Usually the direct use of the index notation is more clear than the matrix-vector notation, because it immediately tells you from the notation, whether you have co- or contravariant components. To see the transformation properties start with the contravariant components of a vector. It transforms by definition as the $x^{\mu}$, i.e.,
$$A^{\prime \mu}={\Lambda^{\mu}}_{\nu} A^{\nu}.$$
Now we ask, how covariant components transform. By definition you have
$$A_{\mu}'=\eta_{\mu \rho} A^{\prime \rho}=\eta_{\mu \rho} {\Lambda^{\rho}}_{\sigma} A^{\sigma}=\eta_{\mu \rho} {\Lambda^{\rho}}_{\sigma} \eta^{\sigma \nu} A_{\nu}= {(\Lambda^{-1})^{\nu}}_{\mu} A_{\nu}.$$
This means that the $A_{\mu}$ transform contragredient to the $A^{\mu}$, as it should be.

The invariance of the Minkowski product is the key for the understanding of the formalism. It's also directly motivated from Einstein's two postulates. For details see my FAQ article on SR:

http://th.physik.uni-frankfurt.de/~hees/pf-faq/srt.pdf

6. Sep 11, 2016

### pervect

Staff Emeritus
It's harder to write, but I suppose for utmost clarity one can use the latex on PF to format a column vector, i.e.

$$\begin{pmatrix} t \\ x \\ y \\ z \end{pmatrix}$$

The latex code for this is begin{pmatrix} t \\ x \\ y \\ z \end{pmatrix}, it appears to me the OP knows how to invoke latex math mode already. The latex to formatting $\Lambda^\mu{}_\rho$ with the horizontal spaces is \Lambda^\mu{}_\rho.

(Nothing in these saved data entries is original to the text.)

Lemma inf_attained (R : realType) (E : set R) m : E m -> lbound E m -> inf E = m.
Proof.
move=> Em m_lb; apply/le_anti/andP; split; first exact: (ge_inf (ex_intro _ m m_lb)).
by apply: lb_le_inf => //; exists m.
Qed.

Lemma sup_attained (R : realType) (E : set R) m : E m -> ubound E m -> sup E = m.
Proof.
move=> Em m_ub; apply/le_anti/andP; split; first by apply: ge_sup => //; exists m.
exact: (ub_le_sup (ex_intro _ m m_ub)).
Qed.

Section PrimalLP.
Variables (R : realType) (K L A B : finType) (M : K -> L -> A -> B -> R)
  (p : K -> R) (q : L -> R) (lam : R) (T : nat) (b0 : B).
Hypotheses (lam_gt0 : 0 < lam) (lam_lt1 : lam < 1) (T_gt0 : (0 < T)%N)
  (A_gt0 : (0 < #|A|)%N) (p_gt0 : forall k, 0 < p k) (q_gt0 : forall l, 0 < q l).

Local Notation plan1 := (K -> seq A -> seq B -> A -> R).
Local Notation payoff := (payoff M p q lam T).

Let lam_ge0 : 0 <= lam. Proof. exact: ltW. Qed.
Let lam_le1 : lam <= 1. Proof. exact: ltW. Qed.

Lemma u_sec_sum_cont x t l : inX p T x ->
  \sum_k p k * cont M lam (sigma_of x) (fun=> t) k l [::] [::] T =
  cont_plan M lam x t l [::] [::] T.
Proof.
move=> x_in; rewrite (cont_planE M lam t l x_in (sigma_of_compatible x_in)) //.
by apply: eq_bigr => k _; rewrite (reach_nil k x_in).
Qed.

Lemma primal_obj_le_payoff x u0 U tau : primal_feas M p lam T x u0 U ->
  strat2_ok T tau -> primal_obj q u0 <= payoff (sigma_of x) tau.
Proof.
move=> feas tau_ok; have [x_in _ _ _] := feas.
rewrite (payoff_cont_plan M q lam tau x_in (sigma_of_compatible x_in)).
apply: ler_sum => l _; rewrite ler_pM2l //.
exact: (primal_feas_le_cont_plan feas lam_ge0 lam_le1 l T_gt0 (tau_ok l)).
Qed.

Lemma payoff_br x : inX p T x ->
  payoff (sigma_of x) (br_strat M lam T b0 x) = primal_obj q (br_u0 M lam T b0 x).
Proof.
move=> x_in; rewrite (payoff_cont_plan M q lam _ x_in (sigma_of_compatible x_in)).
by apply: eq_bigr => l _; rewrite br_u0_cont_plan.
Qed.
Lemma decomposition_bound (s N : nat) (rho : op R d) (psis : seq (vec R d)) :
  (forall al (x y : basis4 d), straddles al x y -> (sel_count s x y <= N)%N) ->
  decomposition rho psis ->
  \sum_(S : subsel d | sel_size s S) conc (substate S rho) ^+ 2
    <= N%:R * (\sum_(psi <- psis) conc_vec psi) ^+ 2.
Proof.
move=> hN hd.
apply: le_trans (_ : \sum_(S : subsel d | sel_size s S)
   (\sum_(psi <- psis) conc_vec (restrict S psi)) ^+ 2 <= _).
  apply: ler_sum => S _; have hdS := substate_decomposition S hd.
  have sum_ge0 : 0 <= \sum_(psi <- psis) conc_vec (restrict S psi).
    by apply: sumr_ge0 => ? _; exact: conc_vec_ge0.
  rewrite ler_sqr ?nnegrE ?(conc_ge0 hdS) //.
  by have := conc_le hdS; rewrite big_map.
apply: (sq_sum_bound psis (f := fun psi S => conc_vec (restrict S psi)) (w := @conc_vec R d)).
  exact: conc_vec_ge0.
by move=> psi; exact: pure_state_bound.
Qed.

Lemma mixed_state_bound (s N : nat) (rho : op R d) :
  psd rho -> (0 < N)%N ->
  (forall al (x y : basis4 d), straddles al x y -> (sel_count s x y <= N)%N) ->
  \sum_(S : subsel d | sel_size s S) conc (substate S rho) ^+ 2 <= N%:R * conc rho ^+ 2.
Proof.
move=> hrho hN0 hN; have [psis0 hd0] := psd_decomposition hrho.
apply: inf_sq_bound; first by exists (\sum_(psi <- psis0) conc_vec psi); exists psis0.
- by move=> r [ps [_ ->]]; apply: sumr_ge0 => ? _; exact: conc_vec_ge0.
- by apply: sumr_ge0 => S _; exact: sqr_ge0.
- by rewrite ltr0n.
- by move=> r [ps [hps ->]]; exact: decomposition_bound hN hps.
Qed.
End MixedStates.

Theorem corollary1 (R : realType) (d1 d2 d3 d4 : nat)
  (hd : [/\ (2 <= d1)%N, (d1 <= d2)%N, (d2 <= d3)%N & (d3 <= d4)%N])
  (rho : op R (dims d1 d2 d3 d4))
  (hrho : density rho)
  (m : nat) (hm : (2 <= m <= d1)%N)
  (p : nat -> R)
  (hp : forall s, (2 <= s <= m)%N -> 0 <= p s <= 1)
  (hpsum : \sum_(2 <= s < m.+1) p s = 1) :
  conc rho ^+ 2 >=
  \sum_(2 <= s < m.+1)
     p s / ('C(d1 - 2, s - 2) * 'C(d2 - 2, s - 2)
            * 'C(d3 - 1, s - 1) * 'C(d4 - 1, s - 1))%:R
     * \sum_(S : subsel (dims d1 d2 d3 d4) | sel_size s S)
          conc (substate S rho) ^+ 2.
Proof.
have -> : conc rho ^+ 2 = (\sum_(2 <= s < m.+1) p s) * conc rho ^+ 2.
  by rewrite hpsum mul1r.
rewrite mulr_suml.
apply: ler_sum_nat => s /andP[hs2 hsm]; rewrite ltnS in hsm.
have hs : (2 <= s <= d1)%N by rewrite hs2 (leq_trans hsm) //; case/andP: hm.
set N := ('C(d1 - 2, s - 2) * _ * _ * _)%N.
have N_gt0 : (0 < N)%N.
  by case: hd => *; case/andP: hs => *; rewrite !muln_gt0 !bin_gt0; lia.
have /andP[ps_ge0 _] := hp s (introT andP (conj hs2 hsm)).
rewrite -mulrA ler_wpM2l // ler_pdivrMl ?ltr0n //.
apply: mixed_state_bound => //; first exact: hrho.1.
by move=> al x y; exact: straddle_count.
Qed.
Lemma Cnorm_real x : Cnorm (x, 0) = Rabs x.
Proof. unfold Cnorm; simpl. rewrite <- sqrt_Rsqr_abs. unfold Rsqr. f_equal. ring. Qed.

Lemma Cnorm_imag y : Cnorm (0, y) = Rabs y.
Proof. unfold Cnorm; simpl. rewrite <- sqrt_Rsqr_abs. unfold Rsqr. f_equal. ring. Qed.

Lemma Cnorm_one : Cnorm Cone = 1.
Proof. unfold Cone. rewrite Cnorm_real. apply Rabs_R1. Qed.

Lemma Cnorm_fst z : Rabs (fst z) <= Cnorm z.
Proof. rewrite Cnorm_Cmod. eapply Rle_trans; [apply Rmax_l | apply Complex.Rmax_Cmod]. Qed.

Lemma Cnorm_snd z : Rabs (snd z) <= Cnorm z.
Proof. rewrite Cnorm_Cmod. eapply Rle_trans; [apply Rmax_r | apply Complex.Rmax_Cmod]. Qed.

Lemma Cnorm_sq z : Cnorm z * Cnorm z = fst z * fst z + snd z * snd z.
Proof. unfold Cnorm. apply sqrt_sqrt. nra. Qed.

Lemma Cnorm_le_coords z : Cnorm z <= Rabs (fst z) + Rabs (snd z).
Proof.
  replace z with (Cadd (fst z, 0) (0, snd z)) at 1 by cx_ring.
  rewrite <- Cnorm_real, <- Cnorm_imag. apply Cnorm_add.
Qed.

Lemma Cnorm_sub_le a b : Cnorm (Csub a b) <= Cnorm a + Cnorm b.
Proof.
  replace (Csub a b) with (Cadd a (Cmul (-1, 0) b)) by cx_ring.
  eapply Rle_trans; [apply Cnorm_add|].
  rewrite Cnorm_mul, Cnorm_real, Rabs_left by lra. lra.
Qed.

Lemma Cnorm_sub_sym a b : Cnorm (Csub a b) = Cnorm (Csub b a).
Proof.
  replace (Csub a b) with (Cmul (-1, 0) (Csub b a)) by cx_ring.
  rewrite Cnorm_mul, Cnorm_real, Rabs_left by lra. ring.
Qed.

Lemma Cnorm_near a b : Cnorm b <= Cnorm a + Cnorm (Csub b a).
Proof. replace b with (Cadd a (Csub b a)) at 1 by cx_ring. apply Cnorm_add. Qed.

Lemma Cdisc_origin r z : Cdisc Czero r z <-> Cnorm z < r.
Proof. unfold Cdisc. replace (Csub z Czero) with z by cx_ring. tauto. Qed.

Lemma pow_le_one x k : 0 <= x <= 1 -> 0 <= x ^ k <= 1.
Proof. intros Hx. rewrite <- (pow1 k). split; [apply pow_le | apply pow_incr]; lra. Qed.

Lemma exp_monotone x y : x <= y -> exp x <= exp y.
Proof.
  intros [Hlt|Heq]; [left; apply exp_increasing, Hlt | right; rewrite Heq; reflexivity].
Qed.

Lemma Rabs_sub_via a b c : Rabs (a - b) <= Rabs (c - a) + Rabs c + Rabs b.
Proof. unfold Rabs; repeat destruct Rcase_abs; lra. Qed.

Definition orbit (k : nat) (z : Cx) : Cx := Nat.iter k P1 z.

Lemma orbit_S k z : orbit (S k) z = P1 (orbit k z).
Proof. reflexivity. Qed.

Definition P1_slope (a b : Cx) : Cx := Cmul (/2, 0) (Cadd (Cadd Cone a) b).

Lemma P1_sub a b : Csub (P1 a) (P1 b) = Cmul (Csub a b) (P1_slope a b).
Proof. unfold P1, P2, P1_slope. cx_ring. Qed.

Fixpoint Cprod (f : nat -> Cx) (k : nat) : Cx :=
  match k with O => Cone | S k => Cmul (Cprod f k) (f k) end.

Definition slope (k : nat) (z w : Cx) : Cx :=
  Cprod (fun j => P1_slope (orbit j z) (orbit j w)) k.

Lemma orbit_sub k z w : Csub (orbit k z) (orbit k w) = Cmul (Csub z w) (slope k z w).
Proof.
  induction k as [|k IH]; unfold slope; simpl Cprod.
  - unfold orbit; simpl. cx_ring.
  - rewrite !orbit_S, P1_sub, IH. unfold slope. cx_ring.
Qed.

I'm really not sure why the horizontal space is critical, though it's the way I've always seen it written that way. MTW describes the index spacing convention as "northwest to southeast".

7. Sep 11, 2016

### robphy

If one wrote $A^{\mu}_{\nu}$, upon raising the index with the metric, does one obtain $A^{\mu\nu}$ or $A^{\nu\mu}$? (It gets worse for higher-index structures.) That's why MTW also uses the slot notation. In addition, more mathematically-conscious treatments make explicit the mapping from specific orderings of vectors and covectors to the reals.